Copy each line of the records below that mentions the word "brZl".

**Stored items:**
--- START ---

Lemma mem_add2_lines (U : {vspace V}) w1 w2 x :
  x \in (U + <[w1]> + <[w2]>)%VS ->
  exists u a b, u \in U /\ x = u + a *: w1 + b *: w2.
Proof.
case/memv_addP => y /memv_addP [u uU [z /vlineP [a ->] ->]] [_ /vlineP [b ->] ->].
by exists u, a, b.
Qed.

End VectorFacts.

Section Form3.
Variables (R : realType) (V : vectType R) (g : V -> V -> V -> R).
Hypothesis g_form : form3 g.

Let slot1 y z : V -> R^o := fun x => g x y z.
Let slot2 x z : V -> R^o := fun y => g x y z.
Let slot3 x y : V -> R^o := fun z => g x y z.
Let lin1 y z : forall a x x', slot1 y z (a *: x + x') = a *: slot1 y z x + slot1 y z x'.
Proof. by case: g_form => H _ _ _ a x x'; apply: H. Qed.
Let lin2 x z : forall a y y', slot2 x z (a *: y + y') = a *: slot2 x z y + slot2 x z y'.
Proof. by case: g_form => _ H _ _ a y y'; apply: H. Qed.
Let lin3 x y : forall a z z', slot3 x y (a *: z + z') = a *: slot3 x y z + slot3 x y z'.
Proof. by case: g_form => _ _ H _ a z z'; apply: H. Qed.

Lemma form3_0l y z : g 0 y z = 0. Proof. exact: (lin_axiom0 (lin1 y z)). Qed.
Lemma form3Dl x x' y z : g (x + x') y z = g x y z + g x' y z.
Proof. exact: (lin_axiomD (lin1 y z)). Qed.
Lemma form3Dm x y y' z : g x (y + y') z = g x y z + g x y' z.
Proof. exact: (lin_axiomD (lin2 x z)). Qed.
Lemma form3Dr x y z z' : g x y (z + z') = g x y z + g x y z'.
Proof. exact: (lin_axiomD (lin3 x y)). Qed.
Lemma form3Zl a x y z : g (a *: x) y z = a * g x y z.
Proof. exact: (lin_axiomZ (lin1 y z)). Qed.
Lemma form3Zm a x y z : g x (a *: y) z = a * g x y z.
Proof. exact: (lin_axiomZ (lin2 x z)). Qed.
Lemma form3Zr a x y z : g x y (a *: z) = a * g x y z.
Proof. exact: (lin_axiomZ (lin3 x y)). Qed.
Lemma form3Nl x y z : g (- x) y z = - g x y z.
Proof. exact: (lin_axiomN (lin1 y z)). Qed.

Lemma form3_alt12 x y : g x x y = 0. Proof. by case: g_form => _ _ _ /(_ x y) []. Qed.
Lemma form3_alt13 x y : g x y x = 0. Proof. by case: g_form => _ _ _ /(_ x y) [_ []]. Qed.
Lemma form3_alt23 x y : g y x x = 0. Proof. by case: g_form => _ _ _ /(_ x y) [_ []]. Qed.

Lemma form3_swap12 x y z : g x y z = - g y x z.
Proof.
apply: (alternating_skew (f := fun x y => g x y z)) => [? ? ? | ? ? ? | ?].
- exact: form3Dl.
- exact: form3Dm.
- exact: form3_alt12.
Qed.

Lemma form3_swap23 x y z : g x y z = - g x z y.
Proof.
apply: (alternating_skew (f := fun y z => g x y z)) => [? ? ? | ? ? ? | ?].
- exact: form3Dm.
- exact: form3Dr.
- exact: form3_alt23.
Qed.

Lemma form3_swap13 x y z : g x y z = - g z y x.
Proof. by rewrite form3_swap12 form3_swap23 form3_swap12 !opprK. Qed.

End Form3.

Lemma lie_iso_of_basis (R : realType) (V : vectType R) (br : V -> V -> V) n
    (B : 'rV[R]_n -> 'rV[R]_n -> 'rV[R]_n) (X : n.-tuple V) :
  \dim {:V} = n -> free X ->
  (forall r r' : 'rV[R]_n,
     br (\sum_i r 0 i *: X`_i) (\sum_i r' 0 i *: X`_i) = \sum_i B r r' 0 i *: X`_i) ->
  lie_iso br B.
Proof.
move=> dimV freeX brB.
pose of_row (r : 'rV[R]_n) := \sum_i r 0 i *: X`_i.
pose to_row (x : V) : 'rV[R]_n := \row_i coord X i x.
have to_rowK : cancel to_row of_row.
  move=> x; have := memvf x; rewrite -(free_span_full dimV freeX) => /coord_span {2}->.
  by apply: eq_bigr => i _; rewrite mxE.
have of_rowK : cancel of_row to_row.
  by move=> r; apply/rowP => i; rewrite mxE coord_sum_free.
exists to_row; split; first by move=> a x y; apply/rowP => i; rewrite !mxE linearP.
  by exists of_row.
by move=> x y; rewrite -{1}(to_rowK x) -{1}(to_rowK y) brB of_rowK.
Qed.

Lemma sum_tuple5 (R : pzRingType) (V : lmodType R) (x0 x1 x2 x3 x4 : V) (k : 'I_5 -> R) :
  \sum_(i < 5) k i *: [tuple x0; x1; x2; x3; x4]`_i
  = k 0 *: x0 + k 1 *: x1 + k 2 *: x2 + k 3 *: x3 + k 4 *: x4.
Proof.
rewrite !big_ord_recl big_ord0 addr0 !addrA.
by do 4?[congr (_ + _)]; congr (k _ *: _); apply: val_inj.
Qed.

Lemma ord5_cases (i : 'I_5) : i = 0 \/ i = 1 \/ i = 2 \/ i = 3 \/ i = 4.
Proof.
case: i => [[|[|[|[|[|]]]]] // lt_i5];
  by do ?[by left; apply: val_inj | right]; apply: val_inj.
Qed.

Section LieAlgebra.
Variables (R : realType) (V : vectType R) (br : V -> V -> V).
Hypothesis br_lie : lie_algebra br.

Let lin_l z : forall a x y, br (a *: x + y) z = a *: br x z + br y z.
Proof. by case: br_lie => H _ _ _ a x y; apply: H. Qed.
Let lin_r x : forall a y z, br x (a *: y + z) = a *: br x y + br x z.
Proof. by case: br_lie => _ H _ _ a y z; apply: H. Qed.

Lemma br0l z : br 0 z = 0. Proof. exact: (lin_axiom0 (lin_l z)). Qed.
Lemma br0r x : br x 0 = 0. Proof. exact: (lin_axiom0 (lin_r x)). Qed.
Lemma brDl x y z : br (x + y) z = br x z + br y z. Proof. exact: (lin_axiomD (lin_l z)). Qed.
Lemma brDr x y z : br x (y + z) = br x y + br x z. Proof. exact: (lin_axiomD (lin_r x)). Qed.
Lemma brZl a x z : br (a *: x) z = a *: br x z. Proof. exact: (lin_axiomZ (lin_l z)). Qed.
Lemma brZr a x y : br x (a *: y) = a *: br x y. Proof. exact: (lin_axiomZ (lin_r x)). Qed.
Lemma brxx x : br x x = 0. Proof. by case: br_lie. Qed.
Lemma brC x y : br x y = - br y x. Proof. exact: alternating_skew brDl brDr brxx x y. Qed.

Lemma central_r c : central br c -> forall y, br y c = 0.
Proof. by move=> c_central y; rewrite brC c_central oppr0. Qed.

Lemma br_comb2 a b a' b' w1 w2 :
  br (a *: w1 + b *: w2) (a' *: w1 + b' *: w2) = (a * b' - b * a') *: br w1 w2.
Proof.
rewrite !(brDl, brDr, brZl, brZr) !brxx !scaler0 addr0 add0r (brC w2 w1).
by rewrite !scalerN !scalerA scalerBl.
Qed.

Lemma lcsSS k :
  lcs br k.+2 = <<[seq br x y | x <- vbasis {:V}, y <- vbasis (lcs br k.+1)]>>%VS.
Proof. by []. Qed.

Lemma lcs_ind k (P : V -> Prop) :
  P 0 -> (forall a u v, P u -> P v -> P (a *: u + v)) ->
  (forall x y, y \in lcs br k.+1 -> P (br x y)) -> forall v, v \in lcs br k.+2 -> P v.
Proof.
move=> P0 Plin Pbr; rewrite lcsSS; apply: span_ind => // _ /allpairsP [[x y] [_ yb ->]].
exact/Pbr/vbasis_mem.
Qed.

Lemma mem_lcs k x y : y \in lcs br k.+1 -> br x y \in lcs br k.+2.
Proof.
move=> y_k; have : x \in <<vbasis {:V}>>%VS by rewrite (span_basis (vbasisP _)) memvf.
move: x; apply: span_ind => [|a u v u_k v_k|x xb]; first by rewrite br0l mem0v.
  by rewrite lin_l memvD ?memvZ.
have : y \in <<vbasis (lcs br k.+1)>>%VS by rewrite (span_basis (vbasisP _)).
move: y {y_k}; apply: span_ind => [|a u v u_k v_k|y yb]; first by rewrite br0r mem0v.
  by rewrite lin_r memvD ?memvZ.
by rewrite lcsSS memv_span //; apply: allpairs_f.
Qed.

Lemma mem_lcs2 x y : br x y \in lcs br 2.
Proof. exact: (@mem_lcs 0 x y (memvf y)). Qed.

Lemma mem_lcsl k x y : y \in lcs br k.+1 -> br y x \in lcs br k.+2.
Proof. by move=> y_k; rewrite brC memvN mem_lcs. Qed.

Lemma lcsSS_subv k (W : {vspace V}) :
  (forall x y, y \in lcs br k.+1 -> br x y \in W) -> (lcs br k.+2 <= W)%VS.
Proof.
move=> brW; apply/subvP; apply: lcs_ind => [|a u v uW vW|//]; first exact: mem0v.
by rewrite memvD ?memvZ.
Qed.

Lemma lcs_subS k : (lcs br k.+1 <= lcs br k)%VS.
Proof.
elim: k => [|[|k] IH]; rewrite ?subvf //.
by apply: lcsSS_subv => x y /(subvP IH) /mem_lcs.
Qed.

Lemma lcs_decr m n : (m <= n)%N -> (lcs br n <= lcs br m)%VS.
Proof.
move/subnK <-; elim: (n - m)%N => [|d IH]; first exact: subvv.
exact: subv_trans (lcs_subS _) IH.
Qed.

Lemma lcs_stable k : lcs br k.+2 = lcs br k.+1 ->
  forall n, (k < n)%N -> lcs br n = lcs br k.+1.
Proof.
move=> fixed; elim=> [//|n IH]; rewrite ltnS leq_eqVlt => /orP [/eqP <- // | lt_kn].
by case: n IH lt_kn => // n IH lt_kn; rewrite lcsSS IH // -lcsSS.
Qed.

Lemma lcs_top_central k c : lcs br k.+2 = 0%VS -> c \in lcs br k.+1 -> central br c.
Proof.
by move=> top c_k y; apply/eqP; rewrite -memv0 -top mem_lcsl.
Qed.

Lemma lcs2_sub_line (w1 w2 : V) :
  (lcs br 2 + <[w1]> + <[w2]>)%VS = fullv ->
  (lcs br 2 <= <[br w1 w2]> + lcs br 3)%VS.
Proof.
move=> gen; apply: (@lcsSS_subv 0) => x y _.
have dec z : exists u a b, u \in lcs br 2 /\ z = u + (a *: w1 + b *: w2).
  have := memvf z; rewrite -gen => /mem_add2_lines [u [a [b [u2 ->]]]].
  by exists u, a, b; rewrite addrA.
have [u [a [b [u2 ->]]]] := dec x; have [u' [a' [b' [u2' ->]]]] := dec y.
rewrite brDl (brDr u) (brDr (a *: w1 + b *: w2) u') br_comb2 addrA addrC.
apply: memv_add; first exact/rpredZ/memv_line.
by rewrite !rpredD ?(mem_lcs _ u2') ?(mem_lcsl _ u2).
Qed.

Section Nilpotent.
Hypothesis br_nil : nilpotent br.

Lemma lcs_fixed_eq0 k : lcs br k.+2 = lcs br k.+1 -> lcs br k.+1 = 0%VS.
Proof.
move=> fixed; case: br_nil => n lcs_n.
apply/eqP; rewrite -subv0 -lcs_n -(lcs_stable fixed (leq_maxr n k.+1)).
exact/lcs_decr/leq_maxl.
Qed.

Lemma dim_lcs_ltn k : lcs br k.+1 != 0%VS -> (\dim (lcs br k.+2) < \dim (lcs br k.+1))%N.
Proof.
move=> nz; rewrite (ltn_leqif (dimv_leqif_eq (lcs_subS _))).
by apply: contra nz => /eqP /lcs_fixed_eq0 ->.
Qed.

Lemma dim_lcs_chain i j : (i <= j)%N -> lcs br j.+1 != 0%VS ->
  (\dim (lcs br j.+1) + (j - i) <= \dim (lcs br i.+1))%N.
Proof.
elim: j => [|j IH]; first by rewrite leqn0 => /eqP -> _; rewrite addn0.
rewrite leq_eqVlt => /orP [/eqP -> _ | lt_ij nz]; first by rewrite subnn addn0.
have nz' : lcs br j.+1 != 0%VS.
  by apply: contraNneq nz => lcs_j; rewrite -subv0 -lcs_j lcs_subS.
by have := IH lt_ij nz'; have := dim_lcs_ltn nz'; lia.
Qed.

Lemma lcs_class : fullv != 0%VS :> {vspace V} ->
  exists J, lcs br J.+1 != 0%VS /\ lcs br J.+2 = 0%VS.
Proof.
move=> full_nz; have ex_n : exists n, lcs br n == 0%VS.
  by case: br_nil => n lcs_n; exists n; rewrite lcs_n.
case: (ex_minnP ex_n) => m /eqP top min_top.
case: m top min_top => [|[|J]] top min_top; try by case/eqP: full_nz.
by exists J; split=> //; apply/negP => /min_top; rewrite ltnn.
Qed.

--- END ---

**TASK RESPONSE:**
Lemma brZl a x z : br (a *: x) z = a *: br x z. Proof. exact: (lin_axiomZ (lin_l z)). Qed.
rewrite !(brDl, brDr, brZl, brZr) !brxx !scaler0 addr0 add0r (brC w2 w1).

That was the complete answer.